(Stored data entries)
● ● ●
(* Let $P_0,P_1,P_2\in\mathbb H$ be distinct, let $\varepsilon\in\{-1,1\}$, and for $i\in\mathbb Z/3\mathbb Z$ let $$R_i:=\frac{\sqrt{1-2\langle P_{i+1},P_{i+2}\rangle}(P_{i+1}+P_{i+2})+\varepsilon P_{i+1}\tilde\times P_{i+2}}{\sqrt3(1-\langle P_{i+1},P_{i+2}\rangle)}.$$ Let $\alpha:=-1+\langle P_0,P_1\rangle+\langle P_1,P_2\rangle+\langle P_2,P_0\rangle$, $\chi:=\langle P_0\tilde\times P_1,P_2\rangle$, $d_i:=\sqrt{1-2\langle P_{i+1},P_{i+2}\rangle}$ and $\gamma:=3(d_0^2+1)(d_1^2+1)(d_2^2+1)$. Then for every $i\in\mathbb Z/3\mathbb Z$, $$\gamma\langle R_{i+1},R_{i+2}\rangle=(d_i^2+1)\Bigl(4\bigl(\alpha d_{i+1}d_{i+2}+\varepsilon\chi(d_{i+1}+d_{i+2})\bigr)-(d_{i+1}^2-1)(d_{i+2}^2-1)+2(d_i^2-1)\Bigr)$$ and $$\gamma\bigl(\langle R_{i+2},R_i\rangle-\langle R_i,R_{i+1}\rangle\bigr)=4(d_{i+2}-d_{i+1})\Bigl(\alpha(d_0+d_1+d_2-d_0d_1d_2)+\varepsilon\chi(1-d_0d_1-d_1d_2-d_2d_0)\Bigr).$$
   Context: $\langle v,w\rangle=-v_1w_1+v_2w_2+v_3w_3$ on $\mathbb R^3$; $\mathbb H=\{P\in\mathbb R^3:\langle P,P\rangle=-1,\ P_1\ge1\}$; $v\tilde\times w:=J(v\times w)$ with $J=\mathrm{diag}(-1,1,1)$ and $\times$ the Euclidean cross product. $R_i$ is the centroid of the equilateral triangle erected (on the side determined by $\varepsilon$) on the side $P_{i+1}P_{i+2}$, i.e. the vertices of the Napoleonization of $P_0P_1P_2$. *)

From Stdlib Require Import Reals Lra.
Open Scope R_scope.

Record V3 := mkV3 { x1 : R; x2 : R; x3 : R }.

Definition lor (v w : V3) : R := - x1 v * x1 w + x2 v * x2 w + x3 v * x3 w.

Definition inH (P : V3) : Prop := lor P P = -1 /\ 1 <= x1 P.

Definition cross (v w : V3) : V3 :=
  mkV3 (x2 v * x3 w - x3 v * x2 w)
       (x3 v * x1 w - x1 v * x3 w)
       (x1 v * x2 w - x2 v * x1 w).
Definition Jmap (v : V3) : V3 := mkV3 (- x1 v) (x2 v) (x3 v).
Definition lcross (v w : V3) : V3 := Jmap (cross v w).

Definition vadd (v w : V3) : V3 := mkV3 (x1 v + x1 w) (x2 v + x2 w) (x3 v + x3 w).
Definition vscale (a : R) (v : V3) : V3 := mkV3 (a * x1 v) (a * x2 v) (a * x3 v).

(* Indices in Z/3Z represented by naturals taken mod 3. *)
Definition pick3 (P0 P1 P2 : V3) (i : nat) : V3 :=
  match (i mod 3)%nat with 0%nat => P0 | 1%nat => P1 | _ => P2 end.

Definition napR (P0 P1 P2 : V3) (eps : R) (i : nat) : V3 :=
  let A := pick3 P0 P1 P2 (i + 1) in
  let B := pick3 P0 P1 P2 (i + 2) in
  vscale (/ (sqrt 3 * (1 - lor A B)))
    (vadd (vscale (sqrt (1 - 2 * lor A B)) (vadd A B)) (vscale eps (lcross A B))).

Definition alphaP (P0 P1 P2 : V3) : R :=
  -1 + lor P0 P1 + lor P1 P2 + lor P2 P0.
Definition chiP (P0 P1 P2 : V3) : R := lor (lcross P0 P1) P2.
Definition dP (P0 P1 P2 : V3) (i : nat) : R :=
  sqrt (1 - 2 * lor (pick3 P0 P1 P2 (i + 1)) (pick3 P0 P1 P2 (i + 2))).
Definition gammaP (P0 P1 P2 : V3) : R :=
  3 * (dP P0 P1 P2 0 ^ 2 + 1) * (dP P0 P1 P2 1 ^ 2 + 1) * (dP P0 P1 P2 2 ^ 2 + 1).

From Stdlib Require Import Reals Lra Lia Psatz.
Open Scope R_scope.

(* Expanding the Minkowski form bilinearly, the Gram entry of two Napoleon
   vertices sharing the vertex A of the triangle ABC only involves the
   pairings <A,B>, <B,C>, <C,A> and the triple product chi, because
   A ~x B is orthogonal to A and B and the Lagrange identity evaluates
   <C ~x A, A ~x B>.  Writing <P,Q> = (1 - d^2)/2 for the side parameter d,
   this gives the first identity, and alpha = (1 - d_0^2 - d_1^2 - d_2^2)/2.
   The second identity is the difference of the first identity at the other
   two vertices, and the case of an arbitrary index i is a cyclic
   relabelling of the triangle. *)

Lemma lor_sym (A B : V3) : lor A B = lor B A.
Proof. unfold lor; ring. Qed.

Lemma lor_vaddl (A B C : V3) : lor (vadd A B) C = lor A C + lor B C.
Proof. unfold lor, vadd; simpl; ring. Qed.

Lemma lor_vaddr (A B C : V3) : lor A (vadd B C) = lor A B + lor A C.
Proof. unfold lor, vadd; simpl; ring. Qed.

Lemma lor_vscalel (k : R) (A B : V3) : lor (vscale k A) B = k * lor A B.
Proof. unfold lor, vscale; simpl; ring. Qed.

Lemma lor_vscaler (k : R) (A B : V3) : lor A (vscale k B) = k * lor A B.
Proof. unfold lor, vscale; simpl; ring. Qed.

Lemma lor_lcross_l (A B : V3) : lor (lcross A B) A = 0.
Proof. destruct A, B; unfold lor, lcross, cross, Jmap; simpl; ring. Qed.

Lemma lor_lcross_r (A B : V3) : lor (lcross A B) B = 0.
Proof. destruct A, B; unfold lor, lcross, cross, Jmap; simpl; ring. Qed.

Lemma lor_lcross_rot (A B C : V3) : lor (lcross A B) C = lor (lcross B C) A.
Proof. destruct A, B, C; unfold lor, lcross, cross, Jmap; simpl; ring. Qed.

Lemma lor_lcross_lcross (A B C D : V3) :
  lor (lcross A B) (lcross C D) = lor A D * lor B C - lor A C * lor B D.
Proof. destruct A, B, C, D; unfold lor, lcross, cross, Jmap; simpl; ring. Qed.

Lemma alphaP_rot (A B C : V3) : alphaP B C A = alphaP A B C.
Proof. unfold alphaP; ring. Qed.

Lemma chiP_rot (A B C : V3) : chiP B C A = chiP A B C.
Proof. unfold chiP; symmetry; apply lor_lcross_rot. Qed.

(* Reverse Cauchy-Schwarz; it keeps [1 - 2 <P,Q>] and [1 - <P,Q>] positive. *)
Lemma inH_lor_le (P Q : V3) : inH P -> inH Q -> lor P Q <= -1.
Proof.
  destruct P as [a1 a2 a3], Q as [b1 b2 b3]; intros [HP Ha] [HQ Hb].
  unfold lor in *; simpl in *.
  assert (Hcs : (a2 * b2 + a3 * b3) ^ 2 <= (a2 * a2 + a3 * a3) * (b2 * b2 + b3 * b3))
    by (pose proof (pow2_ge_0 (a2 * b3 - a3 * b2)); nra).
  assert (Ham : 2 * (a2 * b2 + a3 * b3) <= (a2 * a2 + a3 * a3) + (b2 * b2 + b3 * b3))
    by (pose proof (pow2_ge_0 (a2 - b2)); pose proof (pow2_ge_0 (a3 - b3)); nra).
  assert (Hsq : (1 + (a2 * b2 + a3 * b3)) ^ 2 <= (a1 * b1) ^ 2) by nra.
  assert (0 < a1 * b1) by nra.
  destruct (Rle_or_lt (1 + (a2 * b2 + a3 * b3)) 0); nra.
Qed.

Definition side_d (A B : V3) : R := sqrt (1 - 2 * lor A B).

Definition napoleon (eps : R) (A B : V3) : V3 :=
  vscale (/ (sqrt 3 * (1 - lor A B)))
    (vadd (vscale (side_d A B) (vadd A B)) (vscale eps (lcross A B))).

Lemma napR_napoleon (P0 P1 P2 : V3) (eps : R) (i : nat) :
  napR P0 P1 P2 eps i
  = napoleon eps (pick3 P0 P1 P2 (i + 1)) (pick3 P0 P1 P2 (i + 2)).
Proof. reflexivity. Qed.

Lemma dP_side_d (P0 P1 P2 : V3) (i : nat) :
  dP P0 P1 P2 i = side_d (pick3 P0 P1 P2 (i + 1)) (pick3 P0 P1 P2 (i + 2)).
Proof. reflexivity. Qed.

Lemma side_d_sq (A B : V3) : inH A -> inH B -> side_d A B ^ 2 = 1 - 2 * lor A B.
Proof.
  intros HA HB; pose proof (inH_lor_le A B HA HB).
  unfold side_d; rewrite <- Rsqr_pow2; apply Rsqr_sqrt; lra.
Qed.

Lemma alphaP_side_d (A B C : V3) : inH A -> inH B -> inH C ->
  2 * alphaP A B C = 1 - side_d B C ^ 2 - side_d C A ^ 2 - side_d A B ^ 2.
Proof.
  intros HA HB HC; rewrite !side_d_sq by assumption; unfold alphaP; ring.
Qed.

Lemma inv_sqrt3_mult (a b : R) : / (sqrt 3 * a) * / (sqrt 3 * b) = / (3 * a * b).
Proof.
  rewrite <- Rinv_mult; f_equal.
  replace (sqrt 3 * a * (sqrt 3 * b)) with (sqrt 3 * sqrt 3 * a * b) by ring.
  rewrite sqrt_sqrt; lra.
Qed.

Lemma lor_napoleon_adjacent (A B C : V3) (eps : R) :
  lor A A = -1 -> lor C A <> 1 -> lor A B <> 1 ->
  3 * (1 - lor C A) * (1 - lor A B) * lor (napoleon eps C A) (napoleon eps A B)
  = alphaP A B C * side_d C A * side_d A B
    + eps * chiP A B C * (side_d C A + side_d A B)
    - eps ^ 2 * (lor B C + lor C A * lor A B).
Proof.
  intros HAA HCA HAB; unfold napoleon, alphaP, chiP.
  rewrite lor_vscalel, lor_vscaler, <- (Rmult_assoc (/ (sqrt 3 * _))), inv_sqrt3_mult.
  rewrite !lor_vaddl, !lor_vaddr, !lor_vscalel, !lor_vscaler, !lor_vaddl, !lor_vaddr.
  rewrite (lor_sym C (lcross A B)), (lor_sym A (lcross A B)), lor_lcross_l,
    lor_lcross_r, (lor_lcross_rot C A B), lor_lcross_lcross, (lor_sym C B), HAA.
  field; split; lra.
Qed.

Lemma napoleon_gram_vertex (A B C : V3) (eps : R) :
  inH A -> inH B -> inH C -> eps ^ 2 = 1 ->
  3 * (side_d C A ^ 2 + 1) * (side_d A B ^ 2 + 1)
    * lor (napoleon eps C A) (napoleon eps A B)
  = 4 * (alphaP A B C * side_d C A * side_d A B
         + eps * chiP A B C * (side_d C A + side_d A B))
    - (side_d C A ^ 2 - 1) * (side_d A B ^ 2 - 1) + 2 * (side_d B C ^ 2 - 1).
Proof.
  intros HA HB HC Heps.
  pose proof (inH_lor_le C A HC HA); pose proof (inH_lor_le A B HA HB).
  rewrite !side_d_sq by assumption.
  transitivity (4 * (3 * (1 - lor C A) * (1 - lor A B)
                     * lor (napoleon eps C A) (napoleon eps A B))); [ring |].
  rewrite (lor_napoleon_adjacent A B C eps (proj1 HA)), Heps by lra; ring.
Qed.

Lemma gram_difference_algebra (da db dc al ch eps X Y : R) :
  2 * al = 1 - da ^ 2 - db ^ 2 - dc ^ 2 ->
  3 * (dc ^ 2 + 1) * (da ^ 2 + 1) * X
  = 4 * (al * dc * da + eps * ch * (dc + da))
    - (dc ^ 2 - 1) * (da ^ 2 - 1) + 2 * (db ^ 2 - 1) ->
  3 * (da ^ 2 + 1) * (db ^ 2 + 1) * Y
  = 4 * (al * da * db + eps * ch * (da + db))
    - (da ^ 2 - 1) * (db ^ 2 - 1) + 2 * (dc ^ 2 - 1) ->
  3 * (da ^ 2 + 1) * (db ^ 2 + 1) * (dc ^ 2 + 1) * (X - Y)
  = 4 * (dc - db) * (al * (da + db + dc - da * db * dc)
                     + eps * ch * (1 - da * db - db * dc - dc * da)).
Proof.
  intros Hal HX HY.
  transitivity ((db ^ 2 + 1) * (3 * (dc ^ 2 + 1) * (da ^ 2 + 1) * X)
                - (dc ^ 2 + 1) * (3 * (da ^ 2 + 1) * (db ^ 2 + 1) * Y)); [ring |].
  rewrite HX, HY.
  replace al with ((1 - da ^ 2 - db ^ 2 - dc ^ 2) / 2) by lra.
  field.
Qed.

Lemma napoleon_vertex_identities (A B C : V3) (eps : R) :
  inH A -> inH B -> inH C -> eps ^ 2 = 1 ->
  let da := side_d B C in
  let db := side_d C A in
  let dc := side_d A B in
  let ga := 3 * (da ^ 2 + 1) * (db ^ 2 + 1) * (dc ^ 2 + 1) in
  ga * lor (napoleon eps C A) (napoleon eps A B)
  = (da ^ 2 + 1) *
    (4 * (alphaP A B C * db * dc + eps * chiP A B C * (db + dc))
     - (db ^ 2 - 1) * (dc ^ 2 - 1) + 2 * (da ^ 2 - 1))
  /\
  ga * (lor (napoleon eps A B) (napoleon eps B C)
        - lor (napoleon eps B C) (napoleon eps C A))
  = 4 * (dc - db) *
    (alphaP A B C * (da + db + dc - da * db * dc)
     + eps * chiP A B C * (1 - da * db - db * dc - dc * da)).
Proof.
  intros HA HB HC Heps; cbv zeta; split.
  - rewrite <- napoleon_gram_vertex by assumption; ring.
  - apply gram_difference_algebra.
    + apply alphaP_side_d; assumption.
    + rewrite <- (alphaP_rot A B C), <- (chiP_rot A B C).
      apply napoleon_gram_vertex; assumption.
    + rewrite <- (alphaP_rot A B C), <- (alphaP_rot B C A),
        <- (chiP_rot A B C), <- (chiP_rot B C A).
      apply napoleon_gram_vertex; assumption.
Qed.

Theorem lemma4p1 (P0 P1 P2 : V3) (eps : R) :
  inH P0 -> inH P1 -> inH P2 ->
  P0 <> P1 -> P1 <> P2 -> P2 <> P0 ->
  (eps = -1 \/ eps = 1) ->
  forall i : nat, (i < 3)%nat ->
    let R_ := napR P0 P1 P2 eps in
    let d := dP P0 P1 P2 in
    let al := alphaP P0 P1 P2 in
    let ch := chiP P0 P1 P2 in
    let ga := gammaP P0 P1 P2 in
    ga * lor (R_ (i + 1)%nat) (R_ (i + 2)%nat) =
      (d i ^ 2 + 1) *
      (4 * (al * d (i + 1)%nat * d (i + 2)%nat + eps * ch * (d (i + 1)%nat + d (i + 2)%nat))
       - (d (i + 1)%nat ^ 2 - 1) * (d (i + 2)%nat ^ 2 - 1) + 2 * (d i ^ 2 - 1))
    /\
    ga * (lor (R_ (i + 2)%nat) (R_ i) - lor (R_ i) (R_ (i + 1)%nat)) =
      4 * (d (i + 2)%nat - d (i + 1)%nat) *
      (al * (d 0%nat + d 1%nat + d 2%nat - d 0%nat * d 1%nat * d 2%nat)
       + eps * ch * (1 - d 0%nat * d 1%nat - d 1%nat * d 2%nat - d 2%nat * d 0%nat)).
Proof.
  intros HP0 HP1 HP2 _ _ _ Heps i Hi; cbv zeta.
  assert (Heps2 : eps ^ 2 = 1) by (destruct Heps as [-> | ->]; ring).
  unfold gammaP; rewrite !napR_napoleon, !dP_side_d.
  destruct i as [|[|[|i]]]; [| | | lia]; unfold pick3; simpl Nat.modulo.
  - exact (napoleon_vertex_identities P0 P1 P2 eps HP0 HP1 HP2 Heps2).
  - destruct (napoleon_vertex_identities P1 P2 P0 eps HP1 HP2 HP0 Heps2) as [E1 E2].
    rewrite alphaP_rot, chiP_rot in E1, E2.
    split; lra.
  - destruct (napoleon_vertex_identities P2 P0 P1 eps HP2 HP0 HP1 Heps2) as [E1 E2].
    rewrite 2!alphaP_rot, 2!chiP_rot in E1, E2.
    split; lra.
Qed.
● ● ●
Goal of the exercise:
Write out, from the lines above, only those from the line with "- (dc ^ 2 + 1) * (3" to the line with "let dc := side_d A B in", exactly as given, including the first and the last.

Result of this task:
                - (dc ^ 2 + 1) * (3 * (da ^ 2 + 1) * (db ^ 2 + 1) * Y)); [ring |].
  rewrite HX, HY.
  replace al with ((1 - da ^ 2 - db ^ 2 - dc ^ 2) / 2) by lra.
  field.
Qed.

Lemma napoleon_vertex_identities (A B C : V3) (eps : R) :
  inH A -> inH B -> inH C -> eps ^ 2 = 1 ->
  let da := side_d B C in
  let db := side_d C A in
  let dc := side_d A B in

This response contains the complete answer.